Study of the neutron-rich nuclei with N=21, 35Si and 33Mg, by beta decay of 35Al and 33Na Original Research Article

The first information on the level structure of the N=21 nuclei, 35Si and 33Mg, has been obtained by the beta decay study of 35Al and 33Na, produced by fragmentation of an UC target with 1.4 GeV protons at CERN/ISOLDE. The experimental technique involved β–γ, β–γ–γ, and β–n–γ coincidences, neutron spectra being obtained by time of flight measurements. Gamma detection was made either using large Ge counters or small BaF2 scintillators (for lifetime measurements). In the case of the 35Al decay, (T1/2=41.6(2.2) ms), a simple structure has been found for the level scheme of 35Si (Z=14, N=21) which has been interpreted with the level sequence : 7/2−, 3/2− and 3/2+ corresponding respectively to the ground state and the states at 910 and 974 keV. The life-time of the 974 keV [T1/2=5.9(6) ns] is found consistent with the proposed level scheme and multipolarities. The investigation of the N=21, very neutron rich isotones, has been carried on with the study of 33Mg resulting from the 33Na decay, (T1/2=8.0(6) ms).
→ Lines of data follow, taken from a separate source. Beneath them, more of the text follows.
(* Let $k$ be a positive integer, $a_1>a_2>\cdots>a_n$ real numbers in $[a,b]$, and $w_1,\dots,w_n$ real weights such that $\sum_{i=1}^n w_ia_i^j=0$ for all integers $0\le j<k$ and \[ \sum_{i=1}^j w_i(a_i-a_{j+1})(a_i-a_{j+2})\cdots(a_i-a_{j+k-1})\ge 0\quad\text{for all }1\le j\le n-k \] (the product has $k-1$ factors; it is empty, i.e. equal to $1$, when $k=1$). Then $\sum_{i=1}^n w_if(a_i)\ge 0$ for every $k$ times differentiable $f:[a,b]\to\mathbb{R}$ with $f^{(k)}\ge 0$. *)

From Stdlib Require Import Reals Lra Lia.
Open Scope R_scope.

(* sumR f n = f 1 + f 2 + ... + f n  (1-based, empty sum = 0) *)
Fixpoint sumR (f : nat -> R) (n : nat) : R :=
  match n with
  | O => 0
  | S m => sumR f m + f (S m)
  end.

Fixpoint prodR (f : nat -> R) (n : nat) : R :=
  match n with
  | O => 1
  | S m => prodR f m * f (S m)
  end.

(* g has derivative l at x relative to the interval [a,b]
   (one-sided at the endpoints). *)
Definition deriv_within (a b : R) (g : R -> R) (x l : R) : Prop :=
  forall eps : R, 0 < eps ->
    exists delta : R, 0 < delta /\
      forall y : R, a <= y <= b -> y <> x -> Rabs (y - x) < delta ->
        Rabs ((g y - g x) / (y - x) - l) < eps.

(* D 0, D 1, ..., D k are the successive derivatives of D 0 on [a,b]:
   D 0 is k times differentiable on [a,b] with j-th derivative D j. *)
Definition kth_derivs_on (a b : R) (k : nat) (D : nat -> R -> R) : Prop :=
  forall j : nat, (j < k)%nat ->
    forall x : R, a <= x <= b -> deriv_within a b (D j) x (D (S j) x).

(* Call weights e on k+1 decreasing nodes x_1 > ... > x_{k+1} "divided-difference
   weights" if they annihilate all polynomials of degree < k (vanishing moments).  Such
   weights exist with e_1 = 1, and then  sum_i e_i f(x_i) >= 0  whenever f^(k) >= 0
   (the divided difference of f has the sign of f^(k)).  Given admissible weights w on n
   nodes, subtract w_1 times the divided-difference weights of the first k+1 nodes: the
   first weight cancels, w_1 >= 0 is the case j = 1 of the positivity hypothesis, and the
   remaining weights on the last n-1 nodes are admissible again, so induction on n
   concludes.  When n <= k, vanishing moments force w = 0 (Vandermonde). *)

From Stdlib Require Import Reals Lra Lia.
From Coquelicot Require Import Coquelicot.
Open Scope R_scope.
(* Fix $C\ge0$. For $0\le k\le n$ put $N=n-k$ and \[ T_k=\sum_{g\in\mathcal M(k)}\Bigl|\sum_{h\in\mathcal M(N)}\psi(Q_A(gh))\Bigr|. \] Then as $n\to\infty$, uniformly for $0\le k\le 9n/20+C$, $T_k\ll_A q^{19n/20+o(n)}$.
   Context: $q$ is a fixed odd prime power; fix $m\ge0$ and $c_0,\dots,c_m\in\mathbb F_q$ with $c_m\ne0$. For each $n$, $\ell_n$ is an arbitrary linear form in the coefficients $f_0,\dots,f_n$ and for $f=\sum_{i=0}^nf_it^i$ of degree $n$, $Q_A(f)=\sum_{j=0}^m c_j\sum_{i=j}^n f_if_{i-j}+\ell_n(f)$. $\mathcal M(k)$ is the set of monic polynomials of degree $k$ in $\mathbb F_q[t]$, $\psi$ a non-trivial additive character of $\mathbb F_q$. Implied constants depend only on $q$, $C$ and $c_0,\dots,c_m$ and are uniform in $\ell_n,\psi$; $q^{o(n)}$ is a factor $q^{\varepsilon(n)n}$ with $\varepsilon(n)\to0$. *)

From HB Require Import structures.
From mathcomp Require Import all_boot all_order all_algebra all_field.
From mathcomp Require Import complex.
From mathcomp Require Import reals exp.
Set Implicit Arguments. Unset Strict Implicit. Unset Printing Implicit Defensive.
Import Order.TTheory GRing.Theory Num.Theory.
Local Open Scope ring_scope.

(* The monic polynomials of degree k over F, each listed exactly once:
   t = (t_0,...,t_(k-1)) |-> t_0 + t_1 X + ... + t_(k-1) X^(k-1) + X^k. *)
Definition monic_polys (F : finFieldType) (k : nat) : seq {poly F} :=
  [seq Poly (rcons (val t) 1) | t : k.-tuple F].

Definition QA (F : finFieldType) (m : nat) (c : nat -> F) (a : nat -> F)
    (n : nat) (f : {poly F}) : F :=
  \sum_(j < m.+1) c j * (\sum_(j <= i < n.+1) f`_i * f`_(i - j))
  + \sum_(i < n.+1) a i * f`_i.

Definition add_char (F : finFieldType) (R : realType) (psi : F -> R[i]) : Prop :=
  psi 0 = 1 /\ forall x y : F, psi (x + y) = psi x * psi y.

Definition nontrivial_char (F : finFieldType) (R : realType) (psi : F -> R[i])
  : Prop := exists x : F, psi x != 1.

(* T_k with N = n - k, where n = k + N = deg(gh) is the degree used in Q_A. *)
Definition Tk (F : finFieldType) (R : realType) (m : nat) (c a : nat -> F)
    (psi : F -> R[i]) (n k : nat) : R[i] :=
  \sum_(g <- monic_polys F k)
    `| \sum_(h <- monic_polys F (n - k)) psi (QA m c a n (g * h)) |.
Lemma Pstar_first : (0 < k)%N -> exists B, Estar (P 0) B /\ mle (P 1) B.
Proof.
move=> k_gt0; have [A [B [EAB PA PB]]] := Estar_above (P_path k_gt0).
have eqA : A = P 0.
  apply: Pstar_rigid => // _.
  exact: edge_sub (Estar_edge EAB) (@mle_refl _) PB.
by exists B; rewrite -eqA.
Qed.

Lemma Pstar_last : (0 < k)%N -> exists A, Estar A (P k) /\ mle (P k.-1) A.
Proof.
move=> k_gt0; have := @P_path k.-1; rewrite ltn_predL prednK // => /(_ k_gt0).
move=> /Estar_above [A [B [EAB PA PB]]].
have eqB : B = P k.
  apply: Pstar_rigid => //; last by rewrite ltnn.
  move=> _; exact: edge_sub (Estar_edge EAB) PA (@mle_refl _).
by exists A; rewrite -eqB.
Qed.

Lemma Pstar_inner i : (0 < i)%N -> (i < k)%N -> Vset I D (P i).
Proof.
case: i => // i _ ik.
have [A [B [EAB PA PB]]] := Estar_above (P_path (ltnW ik)).
have [B' [C [EB'C PB' PC]]] := Estar_above (P_path ik).
have eq_meet : mand B B' = P i.+1.
  apply: Pstar_rigid; [exact: ltnW | exact: mand_glb | move=> _ | move=> _].
    exact: edge_sub (Estar_edge EAB) PA (@mand_l _ _).
  exact: edge_sub (Estar_edge EB'C) (@mand_r _ _) PC.
by exists B, B'; split; [exists A | exists C |].
Qed.

Lemma Pstar_Fstar n (X : mat) : (n.+2 <= k)%N ->
  Uprime n (P n) X -> mle (P n.+1) X ->
  exists C, Fstar_of I D (Uprime n) (P n) (P n.+1) C /\ mle (P n.+2) C.
Proof.
move=> nk UPX PX.
have [B [C [EBC PB PC]]] := Estar_above (P_path nk).
have [B' [FB' le_B']] : exists B', Fstar_of I D (Uprime n) (P n) B' C /\
    mle (mand X B) B'.
  by apply: Fstar_above; exists X, B.
have eqB' : B' = P n.+1.
  have [E_left E_right] := F_of_edges (@Uprime_edge n) (proj1 FB').
  apply: Pstar_rigid; [exact: ltnW | | by [] | move=> _].
    exact: mle_trans (mand_glb PX PB) le_B'.
  exact: edge_sub E_right (@mle_refl _) PC.
by exists C; rewrite -eqB'.
Qed.

Lemma Pstar_Uprime n : (n < k)%N -> exists X, Uprime n (P n) X /\ mle (P n.+1) X.
Proof.
elim: n => [|n IH] nk; first exact: Pstar_first.
have [X [UPX PX]] := IH (ltnW nk).
have [C [FC PC]] := Pstar_Fstar nk UPX PX.
by exists C; split; first exists (P n).
Qed.

Lemma Pstar_Useq i : (i.+2 <= k)%N -> Useq I D i (P i) (P i.+1).
Proof.
move=> ik; have [X [UPX PX]] := Pstar_Uprime (ltnW ik).
by have [C [FC _]] := Pstar_Fstar ik UPX PX; exists C.
Qed.

End DominantPath.
End Network.

Theorem lemma7 (L : finType) (I : L -> {set {set L}}) (D : L -> L -> int)
    (T : nat)
    (HL : (0 < #|L|)%N)
    (HI : forall l phi, phi \in I l -> phi != set0)
    (HT : (1 <= T)%N) :
  forall (k : nat), (1 <= k)%N ->
  forall P : nat -> mat L T, Pstar I D k P -> path_G I D k P.
Proof.
move=> k k_gt0 P P_dom; rewrite /path_G; case: eqP => [k1|k_neq1].
  subst k; have [B [EPB PB]] := Pstar_first P_dom k_gt0.
  have eqB : B = P 1%N by apply: (Pstar_rigid P_dom) => // _; apply: Estar_edge.
  by rewrite -eqB.
split.
- by have [B [EPB _]] := Pstar_first P_dom k_gt0; exists B.
- by move=> i i_gt0 ik; apply: (Pstar_inner P_dom) => //; lia.
- by have [A [EAP _]] := Pstar_last P_dom k_gt0; exists A.
- by move=> i ik; apply: (Pstar_Useq P_dom); lia.
have k1_lt : (k.-1 < k)%N by rewrite ltn_predL.
have [X [UPX PX]] := Pstar_Uprime P_dom k1_lt.
rewrite prednK // in PX.
have eqX : X = P k.
  apply: (Pstar_rigid P_dom) => //; last by rewrite ltnn.
  by move=> _; apply: Uprime_edge UPX.
by rewrite -eqX.
Qed.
In this case also, a level scheme could be obtained for the first time, with 5 bound states in 32Mg and 31Mg levels, populated in the 1n and 2n channels. These results are compared with sd–fp shell model calculations which give a fair account of the Gamow–Teller distribution and a reasonable explanation of the lowest levels with predominant contribution of 1p–1h and 2p–2h excitations.